- Work instructions -
Set down exactly the lines in the records below that run from the line with "Tu u F : s t" to the line with "apply: Tu_le => // z uzt;", inclusive, and nothing more.

- Record excerpts -
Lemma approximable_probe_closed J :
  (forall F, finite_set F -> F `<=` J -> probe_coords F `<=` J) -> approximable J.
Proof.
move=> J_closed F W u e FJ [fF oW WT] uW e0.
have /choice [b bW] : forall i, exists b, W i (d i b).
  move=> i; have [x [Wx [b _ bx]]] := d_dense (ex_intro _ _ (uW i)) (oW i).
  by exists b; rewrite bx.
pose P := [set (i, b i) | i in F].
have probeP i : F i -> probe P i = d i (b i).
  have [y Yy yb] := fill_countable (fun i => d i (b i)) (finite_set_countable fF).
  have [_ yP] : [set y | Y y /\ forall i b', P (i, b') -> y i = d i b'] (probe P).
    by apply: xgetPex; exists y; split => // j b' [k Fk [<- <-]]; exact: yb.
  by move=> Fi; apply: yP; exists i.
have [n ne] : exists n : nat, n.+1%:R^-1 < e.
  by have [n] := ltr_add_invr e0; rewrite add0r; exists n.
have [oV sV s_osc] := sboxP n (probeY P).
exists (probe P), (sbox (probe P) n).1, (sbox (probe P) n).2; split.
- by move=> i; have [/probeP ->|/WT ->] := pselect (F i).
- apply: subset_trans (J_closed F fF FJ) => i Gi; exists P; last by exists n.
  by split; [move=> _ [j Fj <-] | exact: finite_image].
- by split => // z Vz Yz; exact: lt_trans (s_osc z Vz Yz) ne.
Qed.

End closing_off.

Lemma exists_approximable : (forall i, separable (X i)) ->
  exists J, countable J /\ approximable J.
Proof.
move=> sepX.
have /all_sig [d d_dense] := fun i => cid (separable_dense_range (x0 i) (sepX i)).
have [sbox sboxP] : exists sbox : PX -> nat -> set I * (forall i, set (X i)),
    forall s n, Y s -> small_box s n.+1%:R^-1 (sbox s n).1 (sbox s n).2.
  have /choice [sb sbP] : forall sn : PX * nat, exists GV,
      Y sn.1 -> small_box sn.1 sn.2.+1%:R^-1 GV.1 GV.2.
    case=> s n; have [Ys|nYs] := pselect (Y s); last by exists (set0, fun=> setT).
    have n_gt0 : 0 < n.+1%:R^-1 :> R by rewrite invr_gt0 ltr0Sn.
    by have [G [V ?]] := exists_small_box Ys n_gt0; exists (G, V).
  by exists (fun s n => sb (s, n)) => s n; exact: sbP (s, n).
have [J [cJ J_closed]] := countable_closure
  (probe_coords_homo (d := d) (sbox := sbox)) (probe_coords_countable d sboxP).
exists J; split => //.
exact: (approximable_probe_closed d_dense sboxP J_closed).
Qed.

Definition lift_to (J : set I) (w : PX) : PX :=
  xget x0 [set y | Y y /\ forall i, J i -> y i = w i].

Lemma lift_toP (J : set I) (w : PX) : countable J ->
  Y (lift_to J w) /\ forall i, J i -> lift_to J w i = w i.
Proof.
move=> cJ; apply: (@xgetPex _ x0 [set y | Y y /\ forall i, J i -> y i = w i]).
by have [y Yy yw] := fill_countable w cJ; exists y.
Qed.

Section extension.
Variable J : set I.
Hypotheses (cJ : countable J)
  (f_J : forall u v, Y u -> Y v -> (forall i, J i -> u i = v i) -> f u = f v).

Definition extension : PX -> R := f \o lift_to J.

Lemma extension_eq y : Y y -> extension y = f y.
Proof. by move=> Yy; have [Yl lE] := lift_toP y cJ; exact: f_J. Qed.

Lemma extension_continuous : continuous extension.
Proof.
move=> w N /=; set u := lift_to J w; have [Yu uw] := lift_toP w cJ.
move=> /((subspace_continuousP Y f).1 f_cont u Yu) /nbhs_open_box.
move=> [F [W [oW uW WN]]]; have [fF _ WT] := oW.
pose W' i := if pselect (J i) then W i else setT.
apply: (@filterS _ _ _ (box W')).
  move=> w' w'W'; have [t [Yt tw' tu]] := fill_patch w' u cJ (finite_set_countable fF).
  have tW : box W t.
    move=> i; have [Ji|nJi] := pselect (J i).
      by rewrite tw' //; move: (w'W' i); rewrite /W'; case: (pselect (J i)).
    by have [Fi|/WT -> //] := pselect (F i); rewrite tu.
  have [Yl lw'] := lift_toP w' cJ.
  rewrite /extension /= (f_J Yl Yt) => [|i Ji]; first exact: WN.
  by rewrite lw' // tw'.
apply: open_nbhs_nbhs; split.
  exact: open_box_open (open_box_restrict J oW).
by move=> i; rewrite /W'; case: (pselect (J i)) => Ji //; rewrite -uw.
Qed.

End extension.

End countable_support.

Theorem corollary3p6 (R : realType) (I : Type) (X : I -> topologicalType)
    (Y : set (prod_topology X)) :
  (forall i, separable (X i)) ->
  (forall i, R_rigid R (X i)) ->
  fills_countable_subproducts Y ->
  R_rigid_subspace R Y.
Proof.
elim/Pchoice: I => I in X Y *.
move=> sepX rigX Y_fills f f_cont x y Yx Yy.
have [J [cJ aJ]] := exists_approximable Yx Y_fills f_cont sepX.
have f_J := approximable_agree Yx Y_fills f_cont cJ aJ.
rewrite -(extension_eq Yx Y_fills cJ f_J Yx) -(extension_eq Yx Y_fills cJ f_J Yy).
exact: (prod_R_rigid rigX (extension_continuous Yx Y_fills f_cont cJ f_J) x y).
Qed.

==

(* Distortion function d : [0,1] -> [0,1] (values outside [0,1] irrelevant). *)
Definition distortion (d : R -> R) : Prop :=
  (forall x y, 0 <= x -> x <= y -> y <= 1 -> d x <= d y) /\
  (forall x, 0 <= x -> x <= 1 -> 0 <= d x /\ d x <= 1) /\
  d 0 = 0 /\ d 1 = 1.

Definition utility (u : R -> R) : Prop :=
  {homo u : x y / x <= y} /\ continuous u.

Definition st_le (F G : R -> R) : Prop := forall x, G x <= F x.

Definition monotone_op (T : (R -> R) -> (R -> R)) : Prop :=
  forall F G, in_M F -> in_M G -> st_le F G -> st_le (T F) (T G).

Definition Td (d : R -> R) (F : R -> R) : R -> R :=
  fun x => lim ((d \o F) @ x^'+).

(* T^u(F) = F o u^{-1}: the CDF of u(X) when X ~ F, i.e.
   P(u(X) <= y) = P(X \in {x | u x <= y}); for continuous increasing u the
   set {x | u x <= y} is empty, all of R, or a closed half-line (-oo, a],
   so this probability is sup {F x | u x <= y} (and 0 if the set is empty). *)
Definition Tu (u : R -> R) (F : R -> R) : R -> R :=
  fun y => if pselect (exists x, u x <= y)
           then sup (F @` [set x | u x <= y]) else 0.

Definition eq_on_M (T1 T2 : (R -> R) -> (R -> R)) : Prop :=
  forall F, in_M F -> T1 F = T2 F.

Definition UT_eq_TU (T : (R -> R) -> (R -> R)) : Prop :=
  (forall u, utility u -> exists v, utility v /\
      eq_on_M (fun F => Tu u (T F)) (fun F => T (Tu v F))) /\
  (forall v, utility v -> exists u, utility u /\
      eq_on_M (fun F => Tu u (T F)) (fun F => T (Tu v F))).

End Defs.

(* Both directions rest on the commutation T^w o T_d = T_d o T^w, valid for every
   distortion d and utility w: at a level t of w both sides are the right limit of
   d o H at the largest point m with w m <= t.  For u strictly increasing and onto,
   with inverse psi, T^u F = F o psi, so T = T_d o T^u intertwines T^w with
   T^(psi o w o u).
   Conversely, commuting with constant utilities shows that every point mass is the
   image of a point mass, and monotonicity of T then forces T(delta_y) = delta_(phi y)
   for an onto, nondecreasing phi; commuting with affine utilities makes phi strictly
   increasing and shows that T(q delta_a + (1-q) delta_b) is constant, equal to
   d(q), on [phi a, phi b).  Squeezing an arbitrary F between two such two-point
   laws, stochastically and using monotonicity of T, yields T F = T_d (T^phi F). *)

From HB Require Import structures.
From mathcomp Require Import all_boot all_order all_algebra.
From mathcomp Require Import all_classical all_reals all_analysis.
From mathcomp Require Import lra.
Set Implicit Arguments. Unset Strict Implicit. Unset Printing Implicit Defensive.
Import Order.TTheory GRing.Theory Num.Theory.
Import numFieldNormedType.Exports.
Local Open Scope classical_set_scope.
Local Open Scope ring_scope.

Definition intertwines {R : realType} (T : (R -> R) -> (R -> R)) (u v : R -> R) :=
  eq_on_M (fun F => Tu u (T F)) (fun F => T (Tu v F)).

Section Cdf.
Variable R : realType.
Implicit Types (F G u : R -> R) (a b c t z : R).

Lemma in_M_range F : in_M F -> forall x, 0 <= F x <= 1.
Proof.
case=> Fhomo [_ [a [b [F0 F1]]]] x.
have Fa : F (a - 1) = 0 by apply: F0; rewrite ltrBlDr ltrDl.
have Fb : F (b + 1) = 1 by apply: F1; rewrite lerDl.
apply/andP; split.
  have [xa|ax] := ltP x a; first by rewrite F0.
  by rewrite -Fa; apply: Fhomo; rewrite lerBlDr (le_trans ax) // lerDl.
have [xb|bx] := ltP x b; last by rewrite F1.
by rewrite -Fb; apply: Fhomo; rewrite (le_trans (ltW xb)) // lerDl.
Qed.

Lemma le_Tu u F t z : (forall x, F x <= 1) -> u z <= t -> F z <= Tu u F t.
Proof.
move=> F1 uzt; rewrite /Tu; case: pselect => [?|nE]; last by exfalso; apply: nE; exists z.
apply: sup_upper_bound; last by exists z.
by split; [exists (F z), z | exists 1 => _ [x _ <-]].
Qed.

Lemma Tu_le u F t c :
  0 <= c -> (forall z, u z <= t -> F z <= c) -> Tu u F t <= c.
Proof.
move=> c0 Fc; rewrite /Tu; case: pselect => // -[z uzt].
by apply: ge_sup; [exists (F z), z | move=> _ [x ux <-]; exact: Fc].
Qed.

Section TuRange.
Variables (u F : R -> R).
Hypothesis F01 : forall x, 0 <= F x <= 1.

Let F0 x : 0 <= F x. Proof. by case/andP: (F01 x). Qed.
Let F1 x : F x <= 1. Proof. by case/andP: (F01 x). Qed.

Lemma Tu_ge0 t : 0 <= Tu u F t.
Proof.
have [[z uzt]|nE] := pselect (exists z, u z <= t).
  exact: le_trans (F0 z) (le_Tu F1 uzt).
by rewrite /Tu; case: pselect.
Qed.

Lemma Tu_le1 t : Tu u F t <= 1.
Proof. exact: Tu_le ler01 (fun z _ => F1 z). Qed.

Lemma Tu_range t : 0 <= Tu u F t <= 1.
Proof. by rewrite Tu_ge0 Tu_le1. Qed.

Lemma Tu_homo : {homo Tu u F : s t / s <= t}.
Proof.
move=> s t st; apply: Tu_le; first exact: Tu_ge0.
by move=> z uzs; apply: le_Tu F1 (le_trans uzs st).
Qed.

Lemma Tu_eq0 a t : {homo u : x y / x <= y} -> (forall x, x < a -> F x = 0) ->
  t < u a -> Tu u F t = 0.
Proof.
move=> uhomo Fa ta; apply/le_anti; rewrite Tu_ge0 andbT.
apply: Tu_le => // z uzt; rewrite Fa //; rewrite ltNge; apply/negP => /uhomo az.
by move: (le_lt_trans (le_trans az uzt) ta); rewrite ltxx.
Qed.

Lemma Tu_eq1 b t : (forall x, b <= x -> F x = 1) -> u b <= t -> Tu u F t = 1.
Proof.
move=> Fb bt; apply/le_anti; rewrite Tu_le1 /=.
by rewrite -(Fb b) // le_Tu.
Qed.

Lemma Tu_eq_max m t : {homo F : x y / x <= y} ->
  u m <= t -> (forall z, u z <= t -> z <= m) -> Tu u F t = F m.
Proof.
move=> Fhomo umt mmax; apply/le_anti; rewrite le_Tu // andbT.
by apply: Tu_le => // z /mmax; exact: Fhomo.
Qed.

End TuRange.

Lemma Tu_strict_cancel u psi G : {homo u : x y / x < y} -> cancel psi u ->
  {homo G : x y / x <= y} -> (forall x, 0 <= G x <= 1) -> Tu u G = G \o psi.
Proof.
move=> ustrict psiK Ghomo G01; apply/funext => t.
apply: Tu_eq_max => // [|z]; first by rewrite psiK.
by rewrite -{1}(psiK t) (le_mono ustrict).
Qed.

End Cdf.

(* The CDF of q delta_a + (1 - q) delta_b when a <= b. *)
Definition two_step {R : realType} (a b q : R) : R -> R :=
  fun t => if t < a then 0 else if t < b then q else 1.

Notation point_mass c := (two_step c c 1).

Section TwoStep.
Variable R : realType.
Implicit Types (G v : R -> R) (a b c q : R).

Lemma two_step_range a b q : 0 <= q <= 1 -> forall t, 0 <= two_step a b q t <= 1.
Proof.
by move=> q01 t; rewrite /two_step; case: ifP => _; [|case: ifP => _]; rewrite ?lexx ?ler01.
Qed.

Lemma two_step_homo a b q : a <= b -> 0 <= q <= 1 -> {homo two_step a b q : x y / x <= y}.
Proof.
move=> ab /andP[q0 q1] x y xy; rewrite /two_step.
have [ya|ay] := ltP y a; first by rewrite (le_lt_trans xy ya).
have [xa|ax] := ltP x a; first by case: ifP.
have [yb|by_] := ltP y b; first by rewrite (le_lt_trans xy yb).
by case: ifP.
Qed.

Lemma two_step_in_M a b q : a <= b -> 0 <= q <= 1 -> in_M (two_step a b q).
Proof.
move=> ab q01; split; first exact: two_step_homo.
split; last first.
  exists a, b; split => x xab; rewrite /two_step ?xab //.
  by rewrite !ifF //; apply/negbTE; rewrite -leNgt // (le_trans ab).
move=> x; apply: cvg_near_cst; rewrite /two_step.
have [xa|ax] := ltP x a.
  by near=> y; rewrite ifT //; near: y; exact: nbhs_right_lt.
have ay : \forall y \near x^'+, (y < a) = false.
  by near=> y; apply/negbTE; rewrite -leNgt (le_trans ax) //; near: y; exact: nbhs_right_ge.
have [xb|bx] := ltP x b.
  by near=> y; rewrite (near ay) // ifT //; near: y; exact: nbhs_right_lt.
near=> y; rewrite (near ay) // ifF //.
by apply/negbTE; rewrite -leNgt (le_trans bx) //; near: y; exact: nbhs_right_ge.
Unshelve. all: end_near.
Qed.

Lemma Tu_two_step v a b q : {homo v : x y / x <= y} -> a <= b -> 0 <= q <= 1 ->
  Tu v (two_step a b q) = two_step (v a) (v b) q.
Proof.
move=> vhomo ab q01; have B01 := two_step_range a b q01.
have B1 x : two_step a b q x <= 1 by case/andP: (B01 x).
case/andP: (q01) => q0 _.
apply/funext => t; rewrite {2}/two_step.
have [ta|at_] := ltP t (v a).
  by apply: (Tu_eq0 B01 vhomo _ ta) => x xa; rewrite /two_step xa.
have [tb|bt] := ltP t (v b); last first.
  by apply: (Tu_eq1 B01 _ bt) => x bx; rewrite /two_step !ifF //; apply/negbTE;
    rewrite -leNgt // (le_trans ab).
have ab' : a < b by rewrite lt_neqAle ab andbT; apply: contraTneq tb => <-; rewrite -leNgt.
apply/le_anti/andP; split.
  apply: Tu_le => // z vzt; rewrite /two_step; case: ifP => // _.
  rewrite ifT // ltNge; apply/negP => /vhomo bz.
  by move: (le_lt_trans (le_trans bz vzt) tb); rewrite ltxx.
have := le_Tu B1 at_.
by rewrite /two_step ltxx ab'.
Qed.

- Written answer -
Lemma Tu_homo : {homo Tu u F : s t / s <= t}.
Proof.
move=> s t st; apply: Tu_le; first exact: Tu_ge0.
by move=> z uzs; apply: le_Tu F1 (le_trans uzs st).
Qed.

Lemma Tu_eq0 a t : {homo u : x y / x <= y} -> (forall x, x < a -> F x = 0) ->
  t < u a -> Tu u F t = 0.
Proof.
move=> uhomo Fa ta; apply/le_anti; rewrite Tu_ge0 andbT.
apply: Tu_le => // z uzt; rewrite Fa //; rewrite ltNge; apply/negP => /uhomo az.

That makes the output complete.